Aim: Protein S (PS) is an anticoagulant factor, and its deficiency leads to increased thrombotic risk . Although PS clotting assays are well described and many commercial kits available, pitfalls are met in current laboratory practice, such as limited reagent stability (usually 4h), high variability (sometimes lot to lot for a same reagent) and possible interference from other plasma factors. A new PS clotting assay was developed to overcome those limits and facilitate current use.
Method: The diluted tested plasma (1:20) is mixed with a PS deficient « substrate » plasma. A clotting mixture containing optimized concentrations of Activated Protein C (APC), FIXa with trace amounts of F Xa, and phospholipids (R2) is then added. Following a 2 min incubation step, clotting is initiated with 0.025M Ca++, and clotting time (CT) recorded.

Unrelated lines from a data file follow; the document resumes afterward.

(* Let $1\le k<d$, $\mu>0$, $u\in\mathbb{R}^d$ with $u_1\ge\cdots\ge u_d\ge0$, $\bar u_i=u_i/(1+\mu)$ for $i\in[k]$, and let $\tilde x=\mathrm{argmin}_{x\in\mathbb{R}^d}\{\mu\|x\|_{k,2}^2+\|x-u\|^2\}$. Then there exist indices $j_s\in\{1,\dots,k\}$, $j_e\in\{k,\dots,d\}$ and a number $\xi$ with $u_{j_e+1}\le\xi\le\bar u_{j_s-1}$ (with the conventions $\bar u_0=+\infty$, $u_{d+1}=0$) such that $$\tilde x=(\bar u_1,\dots,\bar u_{j_s-1},\underbrace{\xi,\dots,\xi}_{\text{positions } j_s,\dots,j_e},u_{j_e+1},\dots,u_d)^\top .$$ Moreover, for arbitrary $v\in\mathbb{R}^d$, if $u=\sigma(|v|)$ where $|v|=(|v_1|,\dots,|v_d|)$ and $\sigma$ is a permutation of coordinates sorting $|v|$ in non-increasing order, then $\mathrm{prox}_{\frac{\mu}{2}\|\cdot\|_{k,2}^2}(v)=\mathrm{sign}(v)\odot\sigma^{-1}(\tilde x)$.
   Context: $\|\cdot\|$ is the Euclidean norm. For $z\in\mathbb{R}^m$ and integer $j\ge0$, $\|z\|_{j,2}$ is the Euclidean norm of the vector obtained from $z$ by keeping (up to) $j$ entries of largest absolute value and setting the others to $0$. For convex $g$, $\mathrm{prox}_g(x)=\mathrm{argmin}_y\{g(y)+\frac12\|x-y\|^2\}$. $\mathrm{sign}(v)\in\{-1,1\}^d$ has $i$th entry $1$ if $v_i\ge0$ and $-1$ otherwise; $\odot$ is the entrywise product; $\sigma$ and $\sigma^{-1}$ act on vectors by permuting coordinates, with $\sigma^{-1}(\sigma(x))=x$. *)

From HB Require Import structures.
From mathcomp Require Import all_boot all_order all_algebra all_fingroup.
Set Implicit Arguments. Unset Strict Implicit. Unset Printing Implicit Defensive.
Import Order.TTheory GRing.Theory Num.Theory.
Local Open Scope ring_scope.

Section Defs.
Variables (R : rcfType) (d : nat).

Definition norm2 (x : 'I_d -> R) : R := Num.sqrt (\sum_(i < d) x i ^+ 2).

Definition topk_norm (j : nat) (z : 'I_d -> R) : R :=
  Num.sqrt (\sum_(a <- take j (sort (fun a b : R => b <= a)
                                   [seq `|z i| | i <- enum 'I_d])) a ^+ 2).

Definition is_argmin (F : ('I_d -> R) -> R) (x : 'I_d -> R) : Prop :=
  forall y, F x <= F y.

Definition obj (k : nat) (mu : R) (u x : 'I_d -> R) : R :=
  mu * topk_norm k x ^+ 2 + norm2 (fun i => x i - u i) ^+ 2.

Definition prox_obj (k : nat) (mu : R) (v y : 'I_d -> R) : R :=
  mu / 2 * topk_norm k y ^+ 2 + 1 / 2 * norm2 (fun i => v i - y i) ^+ 2.

(* 1-based coordinate access, with u_p = 0 outside 1..d (so u_{d+1} = 0) *)
Definition coord1 (u : 'I_d -> R) (p : nat) : R :=
  odflt 0 (omap u (insub p.-1 : option 'I_d)).

Definition sgnv (v : 'I_d -> R) : 'I_d -> R :=
  fun i => if 0 <= v i then 1 else -1.

Definition permv (s : {perm 'I_d}) (x : 'I_d -> R) : 'I_d -> R :=
  fun i => x (s i).

End Defs.

(* The squared top-k norm is a maximum of linear functions:
   ||x||_{k,2}^2 = max { sum_i w_i x_i^2 | 0 <= w_i <= 1, sum_i w_i = k },
   attained exactly by the weights that are 1 above and 0 below the k-th largest
   x_i^2.  Hence if u = (1 + mu w) .* x for such a top weight w of x, then for every y
     obj(y) - obj(x) >= sum_i (1 + mu w_i) (y_i - x_i)^2 >= ||y - x||^2,
   so x is the unique minimizer.  For sorted u >= 0 such a pair is found by
   thresholding: x_i(c) is the median of u_i/(1+mu), c and u_i, the induced weight
   sum is a continuous piecewise affine function of c, and a root of
   "weight sum = k" exists by the intermediate value theorem.  Sortedness of u turns
   x(c) into the block form.  For the prox, |v_i - y_i| >= ||v_i| - |y_i|| and the
   invariance of ||.||_{k,2} under signed permutations reduce to the sorted case. *)

From HB Require Import structures.
From mathcomp Require Import all_boot all_order all_algebra all_fingroup.
From mathcomp Require Import ring lra zify.
From Stdlib Require Import FunctionalExtensionality.
Import Order.TTheory GRing.Theory Num.Theory.
Local Open Scope ring_scope.
Set Implicit Arguments. Unset Strict Implicit. Unset Printing Implicit Defensive.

Results: A linear dose response is obtained in the range 10-200% PS (r²>0.995). PS deficiencies and high PS concentrations are directly and accurately measured. Designed with only 2 reagents, this assay is simple and fully automatable on the main coagulation analyzers. A high stability of at least 48h at 2-8°C, 24h at RT (and possibility to freeze) makes its use easy and consistent with current laboratory practice throughout the working day. Intra and inter assay variability evaluated on STAR were of 4-8% and 7-10% on the range 40 to 130 %. Inter lots consistency was verified (r²>0.98) on N=50 normal and pathological plasmas (deficiencies of PS or other factors, thrombosis risk check up, dicumarol treatment, cirrhosis, Factor V-L…) ranging from 0 to 150%, and results well correlated with another commercial assay (r>0.94). The assay is insensitive to heparin (UFH or LMWH up to 2 IU/ml). Heparinized plasmas at usual therapeutic ranges can be tested.
Conclusions: This improved PS clotting assay is proposed as a new efficient and reliable tool for current PS testing, and could introduce an easier and safer clinical laboratory practice.